(* Tuples are sorted by their family of lonely sets; the maps are then
   chosen independently. *)
Lemma card_union_sing (E : {set T}) :
  #|[set G : {ffun I -> {ffun T -> Y}} | \bigcup_i sing (G i) == E]| =
  \sum_(Bs : {ffun I -> {set T}} | \bigcup_i Bs i == E) \prod_i sing_count T Y #|Bs i|.
Proof.
rewrite -sum1_card (partition_big (fun G : {ffun I -> {ffun T -> Y}} => [ffun i => sing (G i)])
  (fun Bs : {ffun I -> {set T}} => \bigcup_i Bs i == E)) /=; last first.
  by move=> G; rewrite inE => /eqP <-; apply/eqP/eq_bigr=> i _; rewrite ffunE.
apply: eq_bigr=> Bs /eqP unionE.
under [RHS]eq_bigr => i _ do rewrite -card_sing_eq card_set_sum.
rewrite bigA_distr_bigA /=; under [RHS]eq_bigr => G _ do rewrite prod_bool.
rewrite -card_set_sum sum1_card; apply: eq_card=> G; rewrite !inE.
apply/andP/forallP=> [[_ /eqP <- i] | singBs]; first by rewrite ffunE.
have eBs : [ffun i => sing (G i)] = Bs by apply/ffunP=> i; rewrite ffunE (eqP (singBs i)).
split; last by rewrite eBs.
by rewrite inE -unionE -eBs; apply/eqP/eq_bigr=> i _; rewrite ffunE.
Qed.

(* Families with union E are then sorted by their vector of sizes. *)
Lemma sum_families_by_sizes (k : nat) (E : {set T}) : #|E| = k ->
  \sum_(Bs : {ffun I -> {set T}} | \bigcup_i Bs i == E) \prod_i sing_count T Y #|Bs i| =
  \sum_(b : {ffun I -> 'I_k.+1}) cov E (fun i => (b i : nat)) * \prod_i sing_count T Y (b i).
Proof.
move=> <-.
rewrite (partition_big (fun Bs : {ffun I -> {set T}} =>
   [ffun i => (inord #|Bs i| : 'I_#|E|.+1)]) xpredT) //=.
apply: eq_bigr=> b _.
have sizesE Bs : \bigcup_i Bs i == E ->
    ([ffun i => (inord #|Bs i| : 'I_#|E|.+1)] == b) = [forall i, #|Bs i| == b i].
  move=> /eqP unionE; apply/eqP/forallP=> [<- i | sizes].
    by rewrite ffunE inordK // ltnS -unionE subset_leq_card // (bigcup_sup i).
  by apply/ffunP=> i; rewrite ffunE (eqP (sizes i)) inord_val.
rewrite (eq_bigr (fun _ => \prod_i sing_count T Y (b i))); last first.
  move=> Bs /andP[unionE]; rewrite sizesE // => /forallP sizes.
  by apply: eq_bigr=> i _; rewrite (eqP (sizes i)).
rewrite sum_nat_const; congr (_ * _); apply: eq_card=> Bs; rewrite unfold_in inE /=.
by have [unionE | //] := boolP (\bigcup_i Bs i == E); rewrite sizesE.
Qed.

[Try it]:
A verbatim transcription is needed of the lines above, starting at the line with "rewrite -sum1_card (partition_big" and ending at the line with "under [RHS]eq_bigr => i", both included, and of nothing else.

[Finished task]:
rewrite -sum1_card (partition_big (fun G : {ffun I -> {ffun T -> Y}} => [ffun i => sing (G i)])
  (fun Bs : {ffun I -> {set T}} => \bigcup_i Bs i == E)) /=; last first.
  by move=> G; rewrite inE => /eqP <-; apply/eqP/eq_bigr=> i _; rewrite ffunE.
apply: eq_bigr=> Bs /eqP unionE.
under [RHS]eq_bigr => i _ do rewrite -card_sing_eq card_set_sum.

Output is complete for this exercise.